-- ABOUT THIS EXERCISE --
When you answer, give every record back exactly as written.

··· DATA ···

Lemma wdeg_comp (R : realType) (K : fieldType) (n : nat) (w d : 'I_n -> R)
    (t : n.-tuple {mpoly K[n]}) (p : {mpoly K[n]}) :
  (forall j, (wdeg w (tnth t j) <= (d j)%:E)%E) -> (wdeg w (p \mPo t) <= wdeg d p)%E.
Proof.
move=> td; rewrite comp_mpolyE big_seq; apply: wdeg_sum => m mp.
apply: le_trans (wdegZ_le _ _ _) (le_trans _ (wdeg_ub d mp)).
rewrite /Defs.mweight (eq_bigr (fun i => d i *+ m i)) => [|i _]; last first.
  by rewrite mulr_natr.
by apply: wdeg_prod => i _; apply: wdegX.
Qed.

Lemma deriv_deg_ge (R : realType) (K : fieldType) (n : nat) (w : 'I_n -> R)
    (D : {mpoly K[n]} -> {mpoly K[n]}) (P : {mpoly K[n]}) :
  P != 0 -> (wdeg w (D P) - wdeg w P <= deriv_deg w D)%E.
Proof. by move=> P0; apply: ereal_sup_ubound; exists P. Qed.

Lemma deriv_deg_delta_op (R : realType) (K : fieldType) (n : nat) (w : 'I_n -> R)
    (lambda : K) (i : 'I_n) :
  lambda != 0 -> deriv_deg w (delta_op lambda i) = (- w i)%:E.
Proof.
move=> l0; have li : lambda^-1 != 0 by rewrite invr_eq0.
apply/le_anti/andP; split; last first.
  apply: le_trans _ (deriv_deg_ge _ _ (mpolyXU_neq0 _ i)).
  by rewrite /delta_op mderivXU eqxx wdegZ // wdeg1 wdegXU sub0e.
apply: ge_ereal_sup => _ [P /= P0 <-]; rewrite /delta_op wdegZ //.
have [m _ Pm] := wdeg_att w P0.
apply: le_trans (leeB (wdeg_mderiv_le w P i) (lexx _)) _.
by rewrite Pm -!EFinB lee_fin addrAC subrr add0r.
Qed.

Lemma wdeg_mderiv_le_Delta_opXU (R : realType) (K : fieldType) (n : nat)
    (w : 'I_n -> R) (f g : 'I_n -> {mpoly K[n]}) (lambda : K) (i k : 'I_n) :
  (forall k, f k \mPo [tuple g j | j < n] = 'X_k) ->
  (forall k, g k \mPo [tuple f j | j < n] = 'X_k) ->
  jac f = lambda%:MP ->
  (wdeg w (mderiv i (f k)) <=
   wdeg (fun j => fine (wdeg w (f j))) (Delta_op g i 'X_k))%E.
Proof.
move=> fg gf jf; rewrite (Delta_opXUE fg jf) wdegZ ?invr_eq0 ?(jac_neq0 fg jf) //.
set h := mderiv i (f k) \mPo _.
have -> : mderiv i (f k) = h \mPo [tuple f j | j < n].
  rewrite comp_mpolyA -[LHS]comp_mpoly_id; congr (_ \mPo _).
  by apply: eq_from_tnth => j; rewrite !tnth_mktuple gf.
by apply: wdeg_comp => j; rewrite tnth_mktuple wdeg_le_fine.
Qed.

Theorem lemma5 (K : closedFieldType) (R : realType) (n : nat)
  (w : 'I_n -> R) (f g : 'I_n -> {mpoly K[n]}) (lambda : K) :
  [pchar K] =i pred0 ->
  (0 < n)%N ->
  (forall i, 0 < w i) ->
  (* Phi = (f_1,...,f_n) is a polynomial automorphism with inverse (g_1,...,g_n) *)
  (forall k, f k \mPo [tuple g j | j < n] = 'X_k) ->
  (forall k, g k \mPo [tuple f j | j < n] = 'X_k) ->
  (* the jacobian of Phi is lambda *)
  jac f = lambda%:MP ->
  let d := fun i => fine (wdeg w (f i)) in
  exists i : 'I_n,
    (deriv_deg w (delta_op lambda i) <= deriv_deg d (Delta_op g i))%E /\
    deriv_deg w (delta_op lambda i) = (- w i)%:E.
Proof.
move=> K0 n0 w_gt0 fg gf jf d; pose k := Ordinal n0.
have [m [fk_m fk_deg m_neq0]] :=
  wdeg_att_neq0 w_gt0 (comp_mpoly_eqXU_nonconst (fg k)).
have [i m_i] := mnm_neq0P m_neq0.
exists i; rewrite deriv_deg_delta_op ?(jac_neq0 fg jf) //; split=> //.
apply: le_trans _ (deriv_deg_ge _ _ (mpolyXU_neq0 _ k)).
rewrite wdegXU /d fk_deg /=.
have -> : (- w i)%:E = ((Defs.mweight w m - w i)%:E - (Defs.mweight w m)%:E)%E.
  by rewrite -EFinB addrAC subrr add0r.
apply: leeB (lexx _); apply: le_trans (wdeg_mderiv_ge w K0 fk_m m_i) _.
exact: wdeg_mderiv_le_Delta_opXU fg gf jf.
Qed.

···

-- FINISHED TASK --
Lemma wdeg_comp (R : realType) (K : fieldType) (n : nat) (w d : 'I_n -> R)
    (t : n.-tuple {mpoly K[n]}) (p : {mpoly K[n]}) :
  (forall j, (wdeg w (tnth t j) <= (d j)%:E)%E) -> (wdeg w (p \mPo t) <= wdeg d p)%E.
Proof.
move=> td; rewrite comp_mpolyE big_seq; apply: wdeg_sum => m mp.
apply: le_trans (wdegZ_le _ _ _) (le_trans _ (wdeg_ub d mp)).
rewrite /Defs.mweight (eq_bigr (fun i => d i *+ m i)) => [|i _]; last first.
  by rewrite mulr_natr.
by apply: wdeg_prod => i _; apply: wdegX.
Qed.

Lemma deriv_deg_ge (R : realType) (K : fieldType) (n : nat) (w : 'I_n -> R)
    (D : {mpoly K[n]} -> {mpoly K[n]}) (P : {mpoly K[n]}) :
  P != 0 -> (wdeg w (D P) - wdeg w P <= deriv_deg w D)%E.
Proof. by move=> P0; apply: ereal_sup_ubound; exists P. Qed.

Lemma deriv_deg_delta_op (R : realType) (K : fieldType) (n : nat) (w : 'I_n -> R)
    (lambda : K) (i : 'I_n) :
  lambda != 0 -> deriv_deg w (delta_op lambda i) = (- w i)%:E.
Proof.
move=> l0; have li : lambda^-1 != 0 by rewrite invr_eq0.
apply/le_anti/andP; split; last first.
  apply: le_trans _ (deriv_deg_ge _ _ (mpolyXU_neq0 _ i)).
  by rewrite /delta_op mderivXU eqxx wdegZ // wdeg1 wdegXU sub0e.
apply: ge_ereal_sup => _ [P /= P0 <-]; rewrite /delta_op wdegZ //.
have [m _ Pm] := wdeg_att w P0.
apply: le_trans (leeB (wdeg_mderiv_le w P i) (lexx _)) _.
by rewrite Pm -!EFinB lee_fin addrAC subrr add0r.
Qed.

Lemma wdeg_mderiv_le_Delta_opXU (R : realType) (K : fieldType) (n : nat)
    (w : 'I_n -> R) (f g : 'I_n -> {mpoly K[n]}) (lambda : K) (i k : 'I_n) :
  (forall k, f k \mPo [tuple g j | j < n] = 'X_k) ->
  (forall k, g k \mPo [tuple f j | j < n] = 'X_k) ->
  jac f = lambda%:MP ->
  (wdeg w (mderiv i (f k)) <=
   wdeg (fun j => fine (wdeg w (f j))) (Delta_op g i 'X_k))%E.
Proof.
move=> fg gf jf; rewrite (Delta_opXUE fg jf) wdegZ ?invr_eq0 ?(jac_neq0 fg jf) //.
set h := mderiv i (f k) \mPo _.
have -> : mderiv i (f k) = h \mPo [tuple f j | j < n].
  rewrite comp_mpolyA -[LHS]comp_mpoly_id; congr (_ \mPo _).
  by apply: eq_from_tnth => j; rewrite !tnth_mktuple gf.
by apply: wdeg_comp => j; rewrite tnth_mktuple wdeg_le_fine.
Qed.

Theorem lemma5 (K : closedFieldType) (R : realType) (n : nat)
  (w : 'I_n -> R) (f g : 'I_n -> {mpoly K[n]}) (lambda : K) :
  [pchar K] =i pred0 ->
  (0 < n)%N ->
  (forall i, 0 < w i) ->
  (* Phi = (f_1,...,f_n) is a polynomial automorphism with inverse (g_1,...,g_n) *)
  (forall k, f k \mPo [tuple g j | j < n] = 'X_k) ->
  (forall k, g k \mPo [tuple f j | j < n] = 'X_k) ->
  (* the jacobian of Phi is lambda *)
  jac f = lambda%:MP ->
  let d := fun i => fine (wdeg w (f i)) in
  exists i : 'I_n,
    (deriv_deg w (delta_op lambda i) <= deriv_deg d (Delta_op g i))%E /\
    deriv_deg w (delta_op lambda i) = (- w i)%:E.
Proof.
move=> K0 n0 w_gt0 fg gf jf d; pose k := Ordinal n0.
have [m [fk_m fk_deg m_neq0]] :=
  wdeg_att_neq0 w_gt0 (comp_mpoly_eqXU_nonconst (fg k)).
have [i m_i] := mnm_neq0P m_neq0.
exists i; rewrite deriv_deg_delta_op ?(jac_neq0 fg jf) //; split=> //.
apply: le_trans _ (deriv_deg_ge _ _ (mpolyXU_neq0 _ k)).
rewrite wdegXU /d fk_deg /=.
have -> : (- w i)%:E = ((Defs.mweight w m - w i)%:E - (Defs.mweight w m)%:E)%E.
  by rewrite -EFinB addrAC subrr add0r.
apply: leeB (lexx _); apply: le_trans (wdeg_mderiv_ge w K0 fk_m m_i) _.
exact: wdeg_mderiv_le_Delta_opXU fg gf jf.
Qed.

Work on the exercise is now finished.